Avoiding the Boatyard Blues: Costs and Fees
Managing refits and repairs requires a hands-on approach for boat owners, and accurate price quoting is an essential element of this process.
If scheduling is important to you—and it should be, because projects without schedules often languish—then you should have this discussion with a manager before making a commitment to proceed. Part of that discussion should include the yard’s protocol for dealing with projects that fall behind schedule. There are few things worse, when dealing with a boatyard, than finding out on the day before your scheduled departure date that your boat won’t be launched and commissioned anytime soon. Depending upon the size of the project, the yard should be able to give you ample warning when it appears that work won’t be completed on time. The larger the project, the more notice you should be given.
Finally, for especially complex or large projects, you may wish to call on the consulting services of an independent expert, such as a surveyor, a naval architect, or a mechanic, who has no affiliation with the yard. Boatyards that are confident in their work should have no problem discussing a proposed project or having another professional inspect their work. Again, note that if you have any intention of doing this, it’s worth discussing it before the project or repairs begin.
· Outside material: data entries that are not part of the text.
Lemma eventually_div_INR_lt (C eps : R) : 0 < eps ->
  exists N, forall n, (N <= n)%nat -> C / INR n < eps.
Proof.
  intros Heps.
  assert (Hlim : is_lim_seq (fun n => C / INR n) 0).
  { apply (is_lim_seq_div _ _ C p_infty);
      [apply is_lim_seq_const | apply is_lim_seq_INR | discriminate | apply is_Rbar_div_p_infty]. }
  apply is_lim_seq_spec in Hlim. destruct (Hlim (mkposreal _ Heps)) as [N HN].
  exists N. intros n Hn. specialize (HN n Hn). simpl in HN.
  rewrite Rminus_0_r in HN. apply Rabs_def2 in HN. lra.
Qed.

(** * Alternating series *)

Lemma alternating_series_remainder (b : nat -> R) (l : R) :
  Un_decreasing b -> Un_cv b 0 -> Un_cv (sum_f_R0 (tg_alt b)) l ->
  forall N, Rabs (sum_f_R0 (tg_alt b) N - l) <= b (S N).
Proof.
  intros Hdec Hcv Hl N.
  destruct (Nat.Even_or_Odd N) as [[K ->] | [K ->]].
  - destruct (alternated_series_ineq b l K Hdec Hcv Hl) as [Hlo Hhi].
    rewrite tech5 in Hlo. unfold tg_alt at 2 in Hlo. rewrite pow_1_odd in Hlo.
    apply Rabs_le. lra.
  - destruct (alternated_series_ineq b l K Hdec Hcv Hl) as [Hlo _].
    destruct (alternated_series_ineq b l (S K) Hdec Hcv Hl) as [_ Hhi].
    replace (2 * S K)%nat with (S (2 * K + 1)) in Hhi by lia.
    replace (S (2 * K)) with (2 * K + 1)%nat in Hlo by lia.
    rewrite tech5 in Hhi. unfold tg_alt at 2 in Hhi.
    replace (S (2 * K + 1)) with (2 * S K)%nat in Hhi |- * by lia.
    rewrite pow_1_even in Hhi.
    apply Rabs_le. lra.
Qed.

Definition odd_recip (w : R) (k : nat) : R := / (2 * INR k + 1 + w).

Lemma odd_recip_decreasing (w : R) : -1 < w -> Un_decreasing (odd_recip w).
Proof.
  intros Hw k. unfold odd_recip. rewrite S_INR. pose proof (pos_INR k).
  apply Rinv_le_contravar; lra.
Qed.

Lemma odd_recip_cv0 (w : R) : -1 < w -> Un_cv (odd_recip w) 0.
Proof.
  intros Hw. apply is_lim_seq_Reals.
  change (Finite 0) with (Rbar_inv p_infty).
  apply is_lim_seq_inv; [|discriminate].
  apply is_lim_seq_le_p_loc with INR; [|exact is_lim_seq_INR].
  exists 0%nat. intros k _. pose proof (pos_INR k). lra.
Qed.

Lemma odd_recip_succ_le (w : R) (M N : nat) :
  -1 < w -> (M <= N)%nat -> odd_recip w (S N) <= / (2 * INR (S M)).
Proof.
  intros Hw HMN. unfold odd_recip.
  apply le_INR in HMN. rewrite !S_INR. pose proof (pos_INR M).
  apply Rinv_le_contravar; lra.
Qed.

Lemma A_approx (w : R) (N1 N2 : nat) : -1 < w < 1 ->
  Rabs (sum_f_R0 (tg_alt (odd_recip w)) N1 + sum_f_R0 (tg_alt (odd_recip (- w))) N2
        - A (w ^ 2))
  <= / INR (S (Nat.min N1 N2)).
Proof.
  intros Hw.
  assert (Hw1 : -1 < w) by lra.
  assert (Hw2 : -1 < - w) by lra.
  destruct (alternated_series _ (odd_recip_decreasing _ Hw1) (odd_recip_cv0 _ Hw1)) as [l1 Hl1].
  destruct (alternated_series _ (odd_recip_decreasing _ Hw2) (odd_recip_cv0 _ Hw2)) as [l2 Hl2].
  assert (HA : A (w ^ 2) = l1 + l2).
  { unfold A. apply is_series_unique.
    apply (is_series_ext (fun k => plus (tg_alt (odd_recip w) k) (tg_alt (odd_recip (- w)) k))).
    - intro k. unfold tg_alt, odd_recip, plus. simpl. pose proof (pos_INR k).
      field. repeat split; nra.
    - apply (@is_series_plus R_AbsRing R_NormedModule); apply is_series_Reals; assumption. }
  set (M := Nat.min N1 N2).
  pose proof (alternating_series_remainder _ _ (odd_recip_decreasing _ Hw1)
                (odd_recip_cv0 _ Hw1) Hl1 N1) as E1.
  pose proof (alternating_series_remainder _ _ (odd_recip_decreasing _ Hw2)
                (odd_recip_cv0 _ Hw2) Hl2 N2) as E2.
  pose proof (odd_recip_succ_le w M N1 Hw1 (Nat.le_min_l N1 N2)) as B1.
  pose proof (odd_recip_succ_le (- w) M N2 Hw2 (Nat.le_min_r N1 N2)) as B2.
  assert (Hhalf : / (2 * INR (S M)) + / (2 * INR (S M)) = / INR (S M)).
  { pose proof (lt_0_INR (S M) (Nat.lt_0_succ M)). field. lra. }
  set (s1 := sum_f_R0 (tg_alt (odd_recip w)) N1) in *.
  set (s2 := sum_f_R0 (tg_alt (odd_recip (- w))) N2) in *.
  rewrite HA.
  pose proof (Rabs_triang (s1 - l1) (s2 - l2)).
  replace (s1 + s2 - (l1 + l2)) with (s1 - l1 + (s2 - l2)) by ring.
  lra.
Qed.
(* Let $M$ be a monoid of binary relations on a finite set $Q$ and let $e\in M$ be an idempotent. Let $\sigma\neq\tau$ be two distinct strongly connected components of the restriction of $e$ to its set of fixed points, and let $s\in\sigma$, $t\in\tau$. If $(s,t)\in e$, then for every $m\in H(e)$ we have $(t,s)\notin m$, and $(\sigma,\tau)\notin\gamma_e(m)$.
   Context: Monoid of relations: set of relations on $Q$ containing the identity and closed under composition $mn=\{(p,q)\mid\exists r,(p,r)\in m,(r,q)\in n\}$. Fixed point of $e$: $q$ with $(q,q)\in e$. $H(e)$ is the $\mathcal H$-class of $e$ in $M$, a group with identity $e$; $m^{-1}$ is the inverse in this group. For $m\in H(e)$, $\gamma_e(m)$ is the relation on the set $\Gamma$ of strongly connected components of fixed points of $e$ given by $(\rho,\sigma)\in\gamma_e(m)$ iff $(r,s)\in m$ and $(s,r)\in m^{-1}$ for some $r\in\rho$, $s\in\sigma$. *)

From mathcomp Require Import all_boot.
Set Implicit Arguments. Unset Strict Implicit. Unset Printing Implicit Defensive.

Section Rels.
Variable Q : finType.

Notation relQ := {set (Q * Q)}.

Definition rid : relQ := [set pq | pq.1 == pq.2].

Definition rcomp (m n : relQ) : relQ :=
  [set pq | [exists r, ((pq.1, r) \in m) && ((r, pq.2) \in n)]].

Definition is_rel_monoid (M : {set relQ}) : Prop :=
  rid \in M /\ forall m n, m \in M -> n \in M -> rcomp m n \in M.

(* Green's H-relation in the monoid M: m H e iff mM = eM and Mm = Me *)
Definition in_Hclass (M : {set relQ}) (e m : relQ) : bool :=
  [&& m \in M,
      [exists x in M, exists y in M, (m == rcomp e x) && (e == rcomp m y)] &
      [exists x in M, exists y in M, (m == rcomp x e) && (e == rcomp y m)]].

(* inverse of m in the group H(e) (default e if none exists) *)
Definition Hinv (M : {set relQ}) (e m : relQ) : relQ :=
  odflt e [pick n | in_Hclass M e n && (rcomp m n == e) && (rcomp n m == e)].

Definition fixpts (e : relQ) : {set Q} := [set q | (q, q) \in e].

Definition restr_fix (e : relQ) : rel Q :=
  fun p q => [&& (p, p) \in e, (q, q) \in e & (p, q) \in e].

Definition scc (e : relQ) (p : Q) : {set Q} :=
  [set q in fixpts e | connect (restr_fix e) p q && connect (restr_fix e) q p].

Definition sccs (e : relQ) : {set {set Q}} := [set scc e p | p in fixpts e].

Definition gamma (M : {set relQ}) (e m : relQ) (rho sg : {set Q}) : bool :=
  [&& rho \in sccs e, sg \in sccs e &
      [exists r in rho, exists s in sg,
         ((r, s) \in m) && ((s, r) \in Hinv M e m)]].

End Rels.

From mathcomp Require Import all_boot.
Set Implicit Arguments. Unset Strict Implicit. Unset Printing Implicit Defensive.

(* The heart of the argument is a "no return" property of the group H(e):
   if n is in H(e), r is a fixed point of e and (r, u) is in e, then
   (u, r) in n forces (u, r) in e.  Indeed e n = n, so (r, r) is in n and
   hence in every n^k e; since H(e) is a finite group, n^(k+1) e = e for
   some k, and (u, r) in n, (r, r) in n^k e give (u, r) in e.
   With (s, t) in e, (t, s) in e would merge sg and tau, so (t, s) is not
   in m.  For gamma, any r in sg and u in tau satisfy (r, u) in e (walk
   r -> s -> t -> u inside e), so (u, r) cannot lie in the inverse m^-1,
   which is again an element of H(e). *)

Lemma nat_seq_collision (T : finType) (f : nat -> T) :
  exists i j, i < j /\ f i = f j.
Proof.
pose g (k : 'I_#|T|.+1) := f k.
have /injectivePn[i [j neq_ij eq_gij]] : ~~ injectiveb g.
  apply/injectiveP => inj_g.
  by have := max_card (mem (codom g)); rewrite card_codom // card_ord ltnn.
case: (ltngtP i j) => [lt_ij|lt_ji|/val_inj eq_ij].
- by exists i, j.
- by exists j, i.
- by rewrite eq_ij eqxx in neq_ij.
Qed.

Section RelationMonoids.
Variable Q : finType.
Implicit Types (m n x y e : {set (Q * Q)}) (M : {set {set (Q * Q)}}).

Lemma rcompP m n p q :
  reflect (exists r, (p, r) \in m /\ (r, q) \in n) ((p, q) \in rcomp m n).
Proof.
rewrite inE; apply: (iffP existsP) => [[r /andP[pr rq]]|[r [pr rq]]].
  by exists r.
by exists r; rewrite pr rq.
Qed.

Lemma rcompI m n p r q : (p, r) \in m -> (r, q) \in n -> (p, q) \in rcomp m n.
Proof. by move=> pr rq; apply/rcompP; exists r. Qed.

Lemma rcompA x y n : rcomp x (rcomp y n) = rcomp (rcomp x y) n.
Proof.
apply/setP => [[p q]]; apply/rcompP/rcompP.
  by move=> [r [pr /rcompP[z [rz zq]]]]; exists z; split => //; apply: rcompI rz.
by move=> [r [/rcompP[z [pz zr]] rq]]; exists z; split => //; apply: rcompI rq.
Qed.

Section HClass.
Variables (M : {set {set (Q * Q)}}) (e : {set (Q * Q)}).
Hypotheses (eM : e \in M) (ee : rcomp e e = e).

Lemma Hclass_left_unit n : in_Hclass M e n -> rcomp e n = n.
Proof.
by case/and3P=> _ /existsP[x /andP[_ /existsP[y /andP[_ /andP[/eqP-> _]]]]] _;
  rewrite rcompA ee.
Qed.

Lemma Hclass_left_divisor n : in_Hclass M e n -> exists y, rcomp y n = e.
Proof.
by case/and3P=> _ _ /existsP[x /andP[_ /existsP[y /andP[_ /andP[_ /eqP->]]]]];
  exists y.
Qed.

(* The powers n^k e of an element of H(e) come back to e: this is the
   finiteness of the cyclic subgroup generated by n. *)
Lemma Hclass_power_cycle n :
  in_Hclass M e n -> exists k, iter k.+1 (rcomp n) e = e.
Proof.
move=> Hn; pose p k := iter k (rcomp n) e.
have [y yn] := Hclass_left_divisor Hn.
have ep k : rcomp e (p k) = p k.
  by case: k => [|k] //=; rewrite rcompA Hclass_left_unit.
have yp k : rcomp y (p k.+1) = p k by rewrite /= rcompA yn ep.
have back i j : i <= j -> p i = p j -> p (j - i) = e.
  elim: i j => [|i IHi] [|j] // le_ij eq_p.
  by rewrite subSS; apply: IHi => //; rewrite -(yp i) -(yp j) eq_p.
have [i [j [lt_ij /back]]] := nat_seq_collision p.
by rewrite -(subnSK lt_ij) => /(_ (ltnW lt_ij)); exists (j - i.+1).
Qed.

Lemma Hclass_no_return n r u :
  in_Hclass M e n -> (r, r) \in e -> (r, u) \in e -> (u, r) \in n ->
  (u, r) \in e.
Proof.
move=> Hn rr ru ur; have [k <-] := Hclass_power_cycle Hn.
have rr_n : (r, r) \in n by rewrite -(Hclass_left_unit Hn); apply: rcompI ru ur.
have rr_pow j : (r, r) \in iter j (rcomp n) e.
  by elim: j => [|j IHj] //=; apply: rcompI rr_n IHj.
exact: rcompI ur (rr_pow k).
Qed.

(* The inverse in H(e) lies in H(e) (by default it is e itself). *)
Lemma Hinv_Hclass m : in_Hclass M e (Hinv M e m).
Proof.
rewrite /Hinv; case: pickP => [n /andP[/andP[] //]|_] /=.
by rewrite /in_Hclass eM /=; apply/andP; split; apply/existsP; exists e;
  rewrite eM /=; apply/existsP; exists e; rewrite eM ee eqxx.
Qed.

End HClass.

Section Components.
Variable e : {set (Q * Q)}.
Hypothesis ee : rcomp e e = e.

Lemma connect_rel p q :
  (p, p) \in e -> connect (restr_fix e) p q -> (p, q) \in e.
Proof.
move=> pp /connectP[s]; elim: s p pp => [|x s IHs] p pp /=; first by move=> _ ->.
case/andP=> /and3P[_ xx px] xs qe.
by rewrite -ee; apply: rcompI px (IHs x xx xs qe).
Qed.

Lemma sccs_fixed sg a : sg \in sccs e -> a \in sg -> (a, a) \in e.
Proof. by case/imsetP=> p _ ->; rewrite !inE => /andP[]. Qed.

Lemma sccs_rep sg a : sg \in sccs e -> a \in sg -> sg = scc e a.
Proof.
case/imsetP=> p _ ->; rewrite inE => /and3P[_ pa ap].
apply/setP => z; rewrite !inE; case: ((z, z) \in e) => //=.
apply/andP/andP => [[pz zp]|[az za]]; split.
- exact: connect_trans ap pz.
- exact: connect_trans zp pa.
- exact: connect_trans pa az.
- exact: connect_trans za ap.
Qed.

Lemma sccs_connect sg a b :
  sg \in sccs e -> a \in sg -> b \in sg -> connect (restr_fix e) a b.
Proof.
by move=> sg_e a_sg; rewrite (sccs_rep sg_e a_sg) inE => /and3P[].
Qed.

Lemma sccs_edge sg tau s t r u :
  sg \in sccs e -> tau \in sccs e -> s \in sg -> t \in tau ->
  r \in sg -> u \in tau -> (s, t) \in e -> (r, u) \in e.
Proof.
move=> sg_e tau_e s_sg t_tau r_sg u_tau st.
have rs := connect_rel (sccs_fixed sg_e r_sg) (sccs_connect sg_e r_sg s_sg).
have tu := connect_rel (sccs_fixed tau_e t_tau) (sccs_connect tau_e t_tau u_tau).
by have := rcompI (rcompI rs st) tu; rewrite !ee.
Qed.

Lemma sccs_merge sg tau s t :
  sg \in sccs e -> tau \in sccs e -> s \in sg -> t \in tau ->
  (s, t) \in e -> (t, s) \in e -> sg = tau.
Proof.
move=> sg_e tau_e s_sg t_tau st ts.
have ss := sccs_fixed sg_e s_sg; have tt := sccs_fixed tau_e t_tau.
rewrite (sccs_rep sg_e s_sg) (sccs_rep tau_e t_tau).
have cst : connect (restr_fix e) s t by apply: connect1; rewrite /restr_fix ss tt.
have cts : connect (restr_fix e) t s by apply: connect1; rewrite /restr_fix ss tt.
apply/setP => z; rewrite !inE; case: ((z, z) \in e) => //=.
by apply/andP/andP => [[sz zs]|[tz zt]]; split;
  do [exact: connect_trans cts sz | exact: connect_trans zs cst
     | exact: connect_trans cst tz | exact: connect_trans zt cts].
Qed.

End Components.

Lemma Hclass_no_back_edge M e n sg tau a b :
  rcomp e e = e -> in_Hclass M e n ->
  sg \in sccs e -> tau \in sccs e -> sg != tau ->
  a \in sg -> b \in tau -> (a, b) \in e -> (b, a) \notin n.
Proof.
move=> ee Hn sg_e tau_e sg_tau a_sg b_tau ab; apply/negP => ba.
have ba_e := Hclass_no_return ee Hn (sccs_fixed sg_e a_sg) ab ba.
by rewrite (sccs_merge sg_e tau_e a_sg b_tau ab ba_e) eqxx in sg_tau.
Qed.

End RelationMonoids.

Theorem mainTheorem8 (Q : finType) (M : {set {set (Q * Q)}}) (e : {set (Q * Q)}) :
  is_rel_monoid M -> e \in M -> rcomp e e = e ->
  forall (sg tau : {set Q}), sg \in sccs e -> tau \in sccs e -> sg != tau ->
  forall s t : Q, s \in sg -> t \in tau -> (s, t) \in e ->
  forall m, in_Hclass M e m ->
    (t, s) \notin m /\ ~~ gamma M e m sg tau.
Proof.
move=> _ eM ee sg tau sg_e tau_e sg_tau s t s_sg t_tau st m Hm.
split; first exact: Hclass_no_back_edge ee Hm sg_e tau_e sg_tau s_sg t_tau st.
apply/negP => /and3P[_ _ /existsP[r /andP[r_sg /existsP[u /andP[u_tau]]]]].
case/andP=> _ ur; have ru := sccs_edge ee sg_e tau_e s_sg t_tau r_sg u_tau st.
have Hinv_m := Hinv_Hclass eM ee m.
by rewrite (negPf (Hclass_no_back_edge ee Hinv_m sg_e tau_e sg_tau r_sg u_tau ru)) in ur.
Qed.
Lemma odds_tilt_dist x w : 0 < x < 1 -> 0 <= w <= 1 -> `|odds_tilt x w - x| <= 1 - w.
Proof.
move=> /andP[x0 x1] /andP[w0 w1].
have xw : 0 <= x * w by apply: mulr_ge0; lra.
have D_gt0 : 0 < 1 - x + x * w by lra.
have -> : odds_tilt x w - x = - (x * (1 - x) * (1 - w) / (1 - x + x * w)).
  by rewrite /odds_tilt; field; lra.
rewrite normrN ger0_norm; last by apply: divr_ge0; [apply: mulr_ge0; nra | lra].
rewrite ler_pdivrMr //.
have : 0 <= (1 - x) * (1 - w) by apply: mulr_ge0; lra.
have : 0 <= x * w * (1 - w) by apply: mulr_ge0; lra.
nra.
Qed.

Lemma cell_prob0_gt0 (p : R) d : 0 < p < 1 -> 0 < cell_prob p 0 d.
Proof.
move=> /andP[p0 p1]; have pq : 0 < p * (1 - p) by apply: mulr_gt0; lra.
by case: d => [[]|] /=; nra.
Qed.

Lemma nondegenerate_center_interior (Theta : param R N -> Prop) p0 (eps : R) :
  (forall th, Theta th -> in_Rspace th) -> 0 < eps ->
  (forall p : {ffun 'I_N -> R}, (forall i, `|p i - p0 i| < eps) -> Theta (p, [ffun=> 0])) ->
  forall i, 0 < p0 i < 1.
Proof.
move=> hTheta eps_gt0 ball i.
have shift c : `|c| < eps -> 0 <= p0 i + c <= 1.
  move=> c_lt; pose p := [ffun j => p0 j + (j == i)%:R * c].
  have : Theta (p, [ffun=> 0]).
    apply: ball => j; rewrite ffunE addrAC subrr add0r.
    by case: (j == i); rewrite ?mul1r ?mul0r ?normr0.
  by move=> /hTheta /(_ i) [+ _]; rewrite /= ffunE eqxx mul1r.
have half : `|eps / 2| < eps by rewrite ger0_norm; lra.
have := shift _ half; have := shift (- (eps / 2)); rewrite normrN => /(_ half).
lra.
Qed.

End OddsTilt.

Section TiltedFamily.
Variables (R : realType) (N : nat) (p0 : {ffun 'I_N -> R}).
Hypothesis p0_interior : forall i, 0 < p0 i < 1.
Local Notation pattern := {ffun 'I_N -> option bool}.
Implicit Types (U : sample N -> R) (z : sample N) (h : pattern).

Definition tilted_param (u : R) : param R N :=
  ([ffun i => odds_tilt (p0 i) (u ^+ (3 ^ i))], [ffun=> 0]).

Definition tilt_weight h : R := \prod_i cell_prob (p0 i) 0 (h i).

Definition tilt_normalizer (u : R) : R := \prod_i (1 - p0 i + p0 i * u ^+ (3 ^ i)) ^+ 2.

Definition tilted_poly U : {poly R} :=
  \sum_z (U z * tilt_weight (disagree z)) *: 'X^(pattern_code (disagree z)).

Lemma tilt_weight_gt0 h : 0 < tilt_weight h.
Proof. by apply: prodr_gt0 => i _; apply: cell_prob0_gt0. Qed.

Lemma tilt_normalizer_gt0 u : 0 <= u -> 0 < tilt_normalizer u.
Proof.
move=> u0; apply: prodr_gt0 => i _; apply: exprn_gt0.
have /andP[p_gt0 p_lt1] := p0_interior i.
have : 0 <= p0 i * u ^+ (3 ^ i) by apply: mulr_ge0; [apply: ltW | apply: exprn_ge0].
lra.
Qed.

Lemma pmf_tilted_param u z : 0 <= u ->
  pmf (tilted_param u) z =
  tilt_weight (disagree z) * u ^+ pattern_code (disagree z) / tilt_normalizer u.
Proof.
move=> u0; rewrite pmfE.
under eq_bigr => i _ do rewrite !ffunE cell_prob_odds_tilt ?p0_interior ?exprn_ge0 //.
rewrite !big_split /= prodfV -prodrXr; congr (_ * _ * _).
all: by apply: eq_bigr => i _; rewrite ffunE // mulnC exprM.
Qed.

Lemma expect_tilted_param U u : 0 <= u ->
  expect (tilted_param u) U = (tilted_poly U).[u] / tilt_normalizer u.
Proof.
move=> u0; rewrite /expect /tilted_poly horner_sum mulr_suml.
by apply: eq_bigr => z _; rewrite hornerZ hornerXn pmf_tilted_param //; ring.
Qed.

Lemma tilted_param_dist u i : 0 <= u <= 1 ->
  `|(tilted_param u).1 i - p0 i| <= (3 ^ N)%:R * (1 - u).
Proof.
move=> /andP[u0 u1]; have w01 : 0 <= u ^+ (3 ^ i) <= 1 by rewrite exprn_ge0 ?exprn_ile1.
rewrite ffunE; apply: le_trans (odds_tilt_dist (p0_interior i) w01) _.
apply: le_trans (bernoulli_le _ _) _; first by rewrite u0.
by rewrite ler_wpM2r ?subr_ge0 // ler_nat leq_pexp2l // ltnW.
Qed.

Lemma tilted_poly_eq0 U : disagree_measurable U -> tilted_poly U = 0 -> forall z, U z = 0.
Proof.
move=> [F hF] P0 z0; set h0 := disagree z0.
have := congr1 (fun P : {poly R} => P`_(pattern_code h0)) P0; rewrite coef0 coef_sum.
rewrite (eq_bigr (fun z => if z \in fiber h0 then U z0 * tilt_weight h0 else 0)); last first.
  move=> z _; rewrite coefZ coefXn (inj_eq (@pattern_code_inj N)) inE eq_sym.
  by case: eqP => [dz|]; rewrite ?mulr1 ?mulr0 // hF (hF z0) dz.
rewrite -big_mkcond sum_fiber_const => /eqP; rewrite !mulf_eq0 pnatr_eq0.
by rewrite eqn0Ngt card_fiber_disagree_gt0 (gt_eqF (tilt_weight_gt0 h0)) orbF => /eqP.
Qed.

End TiltedFamily.

Section LehmannScheffe.
Variables (R : realType) (N : nat) (Theta : param R N -> Prop).
Hypothesis Theta_in_Rspace : forall th, Theta th -> in_Rspace th.
Hypothesis Theta_nondegenerate : nondegenerate_param Theta.
Implicit Types (T U V : sample N -> R) (th : param R N).

Theorem disagree_measurable_complete U : disagree_measurable U ->
  (forall th, Theta th -> expect th U = 0) -> forall z, U z = 0.
Proof.
move=> U_meas U_mean0; case: Theta_nondegenerate => p0 [eps [eps_gt0 ball]].
have p0_interior := nondegenerate_center_interior Theta_in_Rspace eps_gt0 ball.
pose K : R := (3 ^ N)%:R.
have K_gt0 : 0 < K by rewrite ltr0n expn_gt0.
apply: (tilted_poly_eq0 p0_interior U_meas).
apply: (@poly_eq0_on_interval _ _ (Num.max 0 (1 - eps / K)) 1).
  by rewrite gt_max ltr01 gtrBl divr_gt0.
move=> u /andP[]; rewrite gt_max => /andP[u_gt0 u_near] u_le1.
have u01 : 0 <= u <= 1 by rewrite ltW.
have : Theta (tilted_param p0 u).
  apply: ball => i; apply: le_lt_trans (tilted_param_dist p0_interior i u01) _.
  by rewrite mulrC -ltr_pdivlMr // ltrBlDr addrC -ltrBlDr.
move/U_mean0; rewrite expect_tilted_param ?ltW // => /eqP.
by rewrite mulf_eq0 invr_eq0 (gt_eqF (tilt_normalizer_gt0 p0_interior (ltW u_gt0))) orbF => /eqP.
Qed.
Steve D’Antonio offers services for boat owners and buyers through Steve D’Antonio Marine Consulting (www.stevedmarineconsulting.com).
Do Your Homework
The next time you sit down with your boatyard manager to discuss a repair, maintenance, refit, or installation project, be prepared with a few questions about the boatyard’s pricing method.
• Do you quote work, and if so, what are the terms of the quote? What’s the yard’s definition of a quote? Is the price fixed, or is it an estimate?
• For projects that will be billed for time and materials, what’s the material markup protocol?
• Is the yard’s workmanship guaranteed? What happens if I’m far away from the yard and someone else has to undertake repairs?
• Will the work be carried out according to American Boat & Yacht Council standards? If so, are the folks doing the work A.B.Y.C. certified in the appropriate discipline (there are eight certifications) or supervised by those who are?
• If the work is quoted, is it billed in segments as the work is carried out?
• How often are invoices sent out? Can I call or email someone for an an up-to-the-minute progress report—or at least one that’s complete through the previous work day—on the amount of work that’s been finished or invoiced? Timely invoicing is important, particularly for T&M work. You definitely want to avoid being slammed with a huge invoice after the work on your boat is completed or nearly completed.